[Data supplied]
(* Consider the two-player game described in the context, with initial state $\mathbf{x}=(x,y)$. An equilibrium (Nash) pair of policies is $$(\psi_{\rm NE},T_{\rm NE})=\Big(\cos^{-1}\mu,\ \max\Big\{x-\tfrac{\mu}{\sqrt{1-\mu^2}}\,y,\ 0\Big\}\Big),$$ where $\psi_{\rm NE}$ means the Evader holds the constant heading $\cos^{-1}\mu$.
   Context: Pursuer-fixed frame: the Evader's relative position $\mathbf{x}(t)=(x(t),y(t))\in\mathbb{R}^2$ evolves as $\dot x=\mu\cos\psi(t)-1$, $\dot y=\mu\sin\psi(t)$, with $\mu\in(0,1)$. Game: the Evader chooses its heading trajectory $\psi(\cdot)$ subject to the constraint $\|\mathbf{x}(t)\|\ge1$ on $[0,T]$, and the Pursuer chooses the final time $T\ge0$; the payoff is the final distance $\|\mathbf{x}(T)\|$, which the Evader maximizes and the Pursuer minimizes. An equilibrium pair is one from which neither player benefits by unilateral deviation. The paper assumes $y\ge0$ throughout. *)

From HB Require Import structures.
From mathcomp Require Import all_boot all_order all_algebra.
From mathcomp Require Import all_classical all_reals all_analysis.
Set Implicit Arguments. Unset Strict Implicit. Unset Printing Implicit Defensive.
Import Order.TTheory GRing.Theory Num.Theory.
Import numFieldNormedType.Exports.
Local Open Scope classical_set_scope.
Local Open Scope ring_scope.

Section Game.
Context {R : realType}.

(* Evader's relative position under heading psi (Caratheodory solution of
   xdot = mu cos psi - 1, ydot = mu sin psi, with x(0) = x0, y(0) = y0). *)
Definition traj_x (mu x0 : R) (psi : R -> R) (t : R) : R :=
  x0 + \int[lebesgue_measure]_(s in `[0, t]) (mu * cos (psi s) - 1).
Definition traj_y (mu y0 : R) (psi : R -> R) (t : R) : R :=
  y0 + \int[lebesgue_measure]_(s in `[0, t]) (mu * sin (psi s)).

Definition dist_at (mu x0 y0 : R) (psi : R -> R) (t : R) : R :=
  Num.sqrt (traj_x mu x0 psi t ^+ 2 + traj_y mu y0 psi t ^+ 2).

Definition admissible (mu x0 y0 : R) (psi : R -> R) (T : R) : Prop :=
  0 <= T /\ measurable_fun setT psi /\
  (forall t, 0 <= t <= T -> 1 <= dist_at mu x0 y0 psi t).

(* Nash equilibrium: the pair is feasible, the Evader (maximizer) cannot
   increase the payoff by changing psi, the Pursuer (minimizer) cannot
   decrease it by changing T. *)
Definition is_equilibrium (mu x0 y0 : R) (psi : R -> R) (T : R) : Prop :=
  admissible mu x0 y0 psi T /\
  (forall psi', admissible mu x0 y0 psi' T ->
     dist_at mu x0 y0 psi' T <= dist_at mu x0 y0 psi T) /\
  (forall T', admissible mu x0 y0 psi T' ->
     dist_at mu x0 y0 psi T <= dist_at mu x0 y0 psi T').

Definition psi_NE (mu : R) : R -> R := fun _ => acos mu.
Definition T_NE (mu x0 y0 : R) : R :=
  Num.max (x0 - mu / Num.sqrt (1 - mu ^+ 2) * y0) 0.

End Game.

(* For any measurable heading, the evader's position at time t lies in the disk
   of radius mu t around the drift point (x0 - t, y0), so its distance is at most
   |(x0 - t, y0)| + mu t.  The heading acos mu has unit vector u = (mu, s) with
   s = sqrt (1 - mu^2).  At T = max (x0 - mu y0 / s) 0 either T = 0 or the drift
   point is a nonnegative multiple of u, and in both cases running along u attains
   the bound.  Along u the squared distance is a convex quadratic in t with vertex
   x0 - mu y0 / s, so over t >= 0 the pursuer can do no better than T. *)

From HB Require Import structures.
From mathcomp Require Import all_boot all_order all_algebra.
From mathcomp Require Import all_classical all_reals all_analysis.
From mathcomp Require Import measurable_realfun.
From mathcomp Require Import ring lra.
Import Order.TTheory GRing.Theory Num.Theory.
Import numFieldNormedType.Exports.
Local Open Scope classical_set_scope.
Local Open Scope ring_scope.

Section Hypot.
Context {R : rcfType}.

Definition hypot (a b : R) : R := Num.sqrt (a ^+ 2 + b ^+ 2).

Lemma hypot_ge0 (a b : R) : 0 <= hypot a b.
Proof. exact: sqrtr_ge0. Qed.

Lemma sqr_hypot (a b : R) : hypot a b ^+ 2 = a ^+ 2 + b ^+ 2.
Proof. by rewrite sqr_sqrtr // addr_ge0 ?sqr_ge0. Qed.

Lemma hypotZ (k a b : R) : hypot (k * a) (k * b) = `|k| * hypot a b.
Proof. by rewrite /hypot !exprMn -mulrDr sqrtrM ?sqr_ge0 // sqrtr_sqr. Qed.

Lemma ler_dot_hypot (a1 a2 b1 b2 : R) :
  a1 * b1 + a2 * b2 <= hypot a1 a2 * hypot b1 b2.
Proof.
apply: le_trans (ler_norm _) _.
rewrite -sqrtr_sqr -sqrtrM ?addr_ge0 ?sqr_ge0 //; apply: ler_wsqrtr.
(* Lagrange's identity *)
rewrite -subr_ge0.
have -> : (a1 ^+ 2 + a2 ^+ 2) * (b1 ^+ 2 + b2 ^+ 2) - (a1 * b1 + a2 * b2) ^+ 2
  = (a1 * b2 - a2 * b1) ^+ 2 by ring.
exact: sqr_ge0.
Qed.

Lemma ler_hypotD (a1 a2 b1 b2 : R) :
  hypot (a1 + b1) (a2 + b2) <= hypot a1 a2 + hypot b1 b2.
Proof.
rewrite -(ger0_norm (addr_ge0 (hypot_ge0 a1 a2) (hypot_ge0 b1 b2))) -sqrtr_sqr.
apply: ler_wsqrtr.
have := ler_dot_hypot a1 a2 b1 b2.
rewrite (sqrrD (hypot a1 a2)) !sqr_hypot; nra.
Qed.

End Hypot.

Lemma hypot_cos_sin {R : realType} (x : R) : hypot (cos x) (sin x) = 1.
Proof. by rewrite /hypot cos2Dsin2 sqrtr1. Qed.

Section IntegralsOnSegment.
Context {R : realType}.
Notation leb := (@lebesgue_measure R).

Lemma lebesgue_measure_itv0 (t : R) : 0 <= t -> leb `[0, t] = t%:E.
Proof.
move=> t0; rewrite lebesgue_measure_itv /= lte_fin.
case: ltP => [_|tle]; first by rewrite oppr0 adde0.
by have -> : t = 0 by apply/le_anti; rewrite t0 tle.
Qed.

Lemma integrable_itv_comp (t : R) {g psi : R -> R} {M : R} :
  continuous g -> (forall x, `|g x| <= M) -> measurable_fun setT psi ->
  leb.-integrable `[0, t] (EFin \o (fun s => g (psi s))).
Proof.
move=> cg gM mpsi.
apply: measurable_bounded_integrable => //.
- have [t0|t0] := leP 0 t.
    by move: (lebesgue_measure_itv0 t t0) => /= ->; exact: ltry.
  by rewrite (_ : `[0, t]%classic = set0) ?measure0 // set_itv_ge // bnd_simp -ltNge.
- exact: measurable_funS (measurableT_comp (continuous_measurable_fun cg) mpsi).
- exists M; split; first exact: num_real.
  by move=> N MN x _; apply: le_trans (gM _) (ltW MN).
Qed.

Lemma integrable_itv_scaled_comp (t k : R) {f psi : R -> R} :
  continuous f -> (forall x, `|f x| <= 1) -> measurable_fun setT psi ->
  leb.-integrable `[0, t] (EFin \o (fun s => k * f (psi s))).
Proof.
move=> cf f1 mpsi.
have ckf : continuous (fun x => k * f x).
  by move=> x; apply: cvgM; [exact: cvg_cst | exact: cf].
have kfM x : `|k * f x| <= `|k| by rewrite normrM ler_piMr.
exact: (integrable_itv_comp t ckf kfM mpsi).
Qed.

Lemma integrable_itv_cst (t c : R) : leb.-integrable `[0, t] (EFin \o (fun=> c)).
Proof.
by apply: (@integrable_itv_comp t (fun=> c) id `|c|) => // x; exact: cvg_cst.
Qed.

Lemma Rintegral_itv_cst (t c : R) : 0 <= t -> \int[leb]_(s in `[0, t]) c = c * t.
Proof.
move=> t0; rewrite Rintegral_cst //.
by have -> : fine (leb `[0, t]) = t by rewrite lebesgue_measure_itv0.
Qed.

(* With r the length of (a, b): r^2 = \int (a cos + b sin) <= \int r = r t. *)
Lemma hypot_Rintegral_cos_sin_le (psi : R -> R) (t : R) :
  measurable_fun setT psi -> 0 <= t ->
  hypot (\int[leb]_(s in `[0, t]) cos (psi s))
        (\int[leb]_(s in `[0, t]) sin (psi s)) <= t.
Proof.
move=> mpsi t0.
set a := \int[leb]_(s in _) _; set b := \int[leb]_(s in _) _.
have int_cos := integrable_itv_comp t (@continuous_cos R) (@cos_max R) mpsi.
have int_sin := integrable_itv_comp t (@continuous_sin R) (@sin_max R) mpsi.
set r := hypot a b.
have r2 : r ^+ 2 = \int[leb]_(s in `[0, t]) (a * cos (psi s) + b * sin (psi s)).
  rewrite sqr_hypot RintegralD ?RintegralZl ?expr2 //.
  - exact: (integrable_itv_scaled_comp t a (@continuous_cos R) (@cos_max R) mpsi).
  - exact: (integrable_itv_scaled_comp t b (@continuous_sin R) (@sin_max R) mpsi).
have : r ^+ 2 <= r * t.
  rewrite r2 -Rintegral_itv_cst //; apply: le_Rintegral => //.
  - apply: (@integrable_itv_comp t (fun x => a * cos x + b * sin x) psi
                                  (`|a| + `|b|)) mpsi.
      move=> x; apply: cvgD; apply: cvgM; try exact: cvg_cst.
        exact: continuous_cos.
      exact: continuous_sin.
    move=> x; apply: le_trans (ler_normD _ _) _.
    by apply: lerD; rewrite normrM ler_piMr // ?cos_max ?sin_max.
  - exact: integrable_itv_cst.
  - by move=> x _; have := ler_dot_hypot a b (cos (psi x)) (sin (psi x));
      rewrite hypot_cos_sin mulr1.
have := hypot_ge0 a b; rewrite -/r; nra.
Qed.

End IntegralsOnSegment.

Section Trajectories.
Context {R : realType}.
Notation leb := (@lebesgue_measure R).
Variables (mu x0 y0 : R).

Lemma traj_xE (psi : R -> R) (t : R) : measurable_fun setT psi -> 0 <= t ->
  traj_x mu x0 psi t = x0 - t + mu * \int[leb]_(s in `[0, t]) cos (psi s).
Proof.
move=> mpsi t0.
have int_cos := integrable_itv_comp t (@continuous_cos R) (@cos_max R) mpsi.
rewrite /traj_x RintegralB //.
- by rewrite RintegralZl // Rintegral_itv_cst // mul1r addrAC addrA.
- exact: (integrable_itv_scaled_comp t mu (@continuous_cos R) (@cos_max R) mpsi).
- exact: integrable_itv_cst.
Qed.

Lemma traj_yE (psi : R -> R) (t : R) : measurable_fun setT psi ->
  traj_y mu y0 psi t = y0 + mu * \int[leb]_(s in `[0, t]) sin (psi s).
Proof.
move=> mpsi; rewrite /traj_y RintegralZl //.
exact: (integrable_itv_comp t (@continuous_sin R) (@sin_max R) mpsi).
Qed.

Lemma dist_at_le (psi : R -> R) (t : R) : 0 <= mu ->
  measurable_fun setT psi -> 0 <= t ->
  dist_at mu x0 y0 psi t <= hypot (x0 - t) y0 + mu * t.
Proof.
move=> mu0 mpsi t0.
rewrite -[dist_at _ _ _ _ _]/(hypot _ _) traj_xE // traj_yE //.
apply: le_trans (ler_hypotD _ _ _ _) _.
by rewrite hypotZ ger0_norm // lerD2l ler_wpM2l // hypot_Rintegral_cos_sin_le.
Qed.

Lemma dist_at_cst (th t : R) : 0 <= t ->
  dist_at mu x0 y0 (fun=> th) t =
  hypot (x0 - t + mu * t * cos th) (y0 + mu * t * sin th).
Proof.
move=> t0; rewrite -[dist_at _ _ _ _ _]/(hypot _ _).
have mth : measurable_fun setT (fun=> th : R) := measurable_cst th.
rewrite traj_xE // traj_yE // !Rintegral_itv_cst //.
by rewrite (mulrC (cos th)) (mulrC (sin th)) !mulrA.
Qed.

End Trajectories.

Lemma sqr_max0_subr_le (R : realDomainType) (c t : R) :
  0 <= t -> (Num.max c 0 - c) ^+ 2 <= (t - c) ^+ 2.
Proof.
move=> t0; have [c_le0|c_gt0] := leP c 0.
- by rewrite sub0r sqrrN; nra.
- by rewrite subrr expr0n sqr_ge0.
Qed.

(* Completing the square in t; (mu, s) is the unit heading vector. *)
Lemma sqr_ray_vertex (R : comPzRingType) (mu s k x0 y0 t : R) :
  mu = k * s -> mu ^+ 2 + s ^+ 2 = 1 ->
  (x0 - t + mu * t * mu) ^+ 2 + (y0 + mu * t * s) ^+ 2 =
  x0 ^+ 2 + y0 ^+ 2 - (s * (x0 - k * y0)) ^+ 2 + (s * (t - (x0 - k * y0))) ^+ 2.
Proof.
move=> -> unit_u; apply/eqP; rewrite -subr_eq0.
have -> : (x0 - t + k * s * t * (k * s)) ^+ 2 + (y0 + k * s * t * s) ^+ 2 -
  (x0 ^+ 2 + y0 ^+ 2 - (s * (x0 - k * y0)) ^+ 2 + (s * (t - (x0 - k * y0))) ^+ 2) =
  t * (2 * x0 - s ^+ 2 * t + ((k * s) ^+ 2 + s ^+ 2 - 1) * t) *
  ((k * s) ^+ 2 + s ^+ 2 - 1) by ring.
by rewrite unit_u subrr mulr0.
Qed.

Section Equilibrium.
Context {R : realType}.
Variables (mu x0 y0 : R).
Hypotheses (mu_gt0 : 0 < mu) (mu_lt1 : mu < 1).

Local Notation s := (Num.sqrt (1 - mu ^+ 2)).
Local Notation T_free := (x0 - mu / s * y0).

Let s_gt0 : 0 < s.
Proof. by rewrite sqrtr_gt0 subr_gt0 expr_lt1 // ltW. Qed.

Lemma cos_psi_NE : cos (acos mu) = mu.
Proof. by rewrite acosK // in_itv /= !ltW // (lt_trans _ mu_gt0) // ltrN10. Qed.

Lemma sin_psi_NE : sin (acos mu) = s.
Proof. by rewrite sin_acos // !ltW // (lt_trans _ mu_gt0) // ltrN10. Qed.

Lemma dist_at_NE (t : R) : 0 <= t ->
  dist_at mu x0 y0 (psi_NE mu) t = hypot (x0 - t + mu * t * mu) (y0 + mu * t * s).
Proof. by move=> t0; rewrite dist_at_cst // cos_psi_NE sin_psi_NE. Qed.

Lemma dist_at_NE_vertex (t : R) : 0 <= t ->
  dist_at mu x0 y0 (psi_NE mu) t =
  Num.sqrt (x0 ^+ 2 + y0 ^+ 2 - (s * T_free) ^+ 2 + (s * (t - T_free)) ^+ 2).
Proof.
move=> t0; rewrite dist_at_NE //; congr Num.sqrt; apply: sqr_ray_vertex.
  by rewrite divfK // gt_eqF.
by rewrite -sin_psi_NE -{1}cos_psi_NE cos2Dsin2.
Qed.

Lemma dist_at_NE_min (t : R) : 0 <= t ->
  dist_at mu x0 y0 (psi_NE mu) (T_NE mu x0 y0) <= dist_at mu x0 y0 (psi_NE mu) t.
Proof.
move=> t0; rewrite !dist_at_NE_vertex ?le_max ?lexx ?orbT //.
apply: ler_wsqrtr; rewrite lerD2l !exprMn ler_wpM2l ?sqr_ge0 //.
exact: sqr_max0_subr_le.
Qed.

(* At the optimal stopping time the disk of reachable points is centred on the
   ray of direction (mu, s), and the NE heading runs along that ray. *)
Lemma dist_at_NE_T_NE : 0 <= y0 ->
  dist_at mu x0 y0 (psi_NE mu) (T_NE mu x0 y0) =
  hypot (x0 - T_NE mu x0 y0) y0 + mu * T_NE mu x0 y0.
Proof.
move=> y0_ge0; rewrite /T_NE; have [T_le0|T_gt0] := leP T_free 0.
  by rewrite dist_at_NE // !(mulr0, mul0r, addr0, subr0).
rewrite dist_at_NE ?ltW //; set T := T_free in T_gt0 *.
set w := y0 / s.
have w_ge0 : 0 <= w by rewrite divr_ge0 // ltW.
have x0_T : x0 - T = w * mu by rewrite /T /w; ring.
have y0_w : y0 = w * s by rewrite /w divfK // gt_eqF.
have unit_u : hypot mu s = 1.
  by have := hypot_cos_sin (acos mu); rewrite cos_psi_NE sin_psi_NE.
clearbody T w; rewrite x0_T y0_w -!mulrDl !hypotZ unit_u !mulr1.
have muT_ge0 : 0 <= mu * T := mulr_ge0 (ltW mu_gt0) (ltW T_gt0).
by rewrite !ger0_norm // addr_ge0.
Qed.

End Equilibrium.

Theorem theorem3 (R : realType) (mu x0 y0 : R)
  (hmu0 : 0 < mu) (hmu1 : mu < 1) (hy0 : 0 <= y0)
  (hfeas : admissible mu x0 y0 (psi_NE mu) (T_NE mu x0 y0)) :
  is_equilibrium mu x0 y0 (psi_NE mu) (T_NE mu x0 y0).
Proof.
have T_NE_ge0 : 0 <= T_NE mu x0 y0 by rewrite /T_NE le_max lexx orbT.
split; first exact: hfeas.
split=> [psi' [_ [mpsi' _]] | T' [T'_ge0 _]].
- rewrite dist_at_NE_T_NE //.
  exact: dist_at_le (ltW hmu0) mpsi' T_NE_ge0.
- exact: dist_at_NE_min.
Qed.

[Your task]
All lines in the data above from the one with "Definition admissible (mu" through the one with "(forall T', admissible mu x0 y0 psi T' ->" must be repeated exactly, and no others.

[Result]
Definition admissible (mu x0 y0 : R) (psi : R -> R) (T : R) : Prop :=
  0 <= T /\ measurable_fun setT psi /\
  (forall t, 0 <= t <= T -> 1 <= dist_at mu x0 y0 psi t).

(* Nash equilibrium: the pair is feasible, the Evader (maximizer) cannot
   increase the payoff by changing psi, the Pursuer (minimizer) cannot
   decrease it by changing T. *)
Definition is_equilibrium (mu x0 y0 : R) (psi : R -> R) (T : R) : Prop :=
  admissible mu x0 y0 psi T /\
  (forall psi', admissible mu x0 y0 psi' T ->
     dist_at mu x0 y0 psi' T <= dist_at mu x0 y0 psi T) /\
  (forall T', admissible mu x0 y0 psi T' ->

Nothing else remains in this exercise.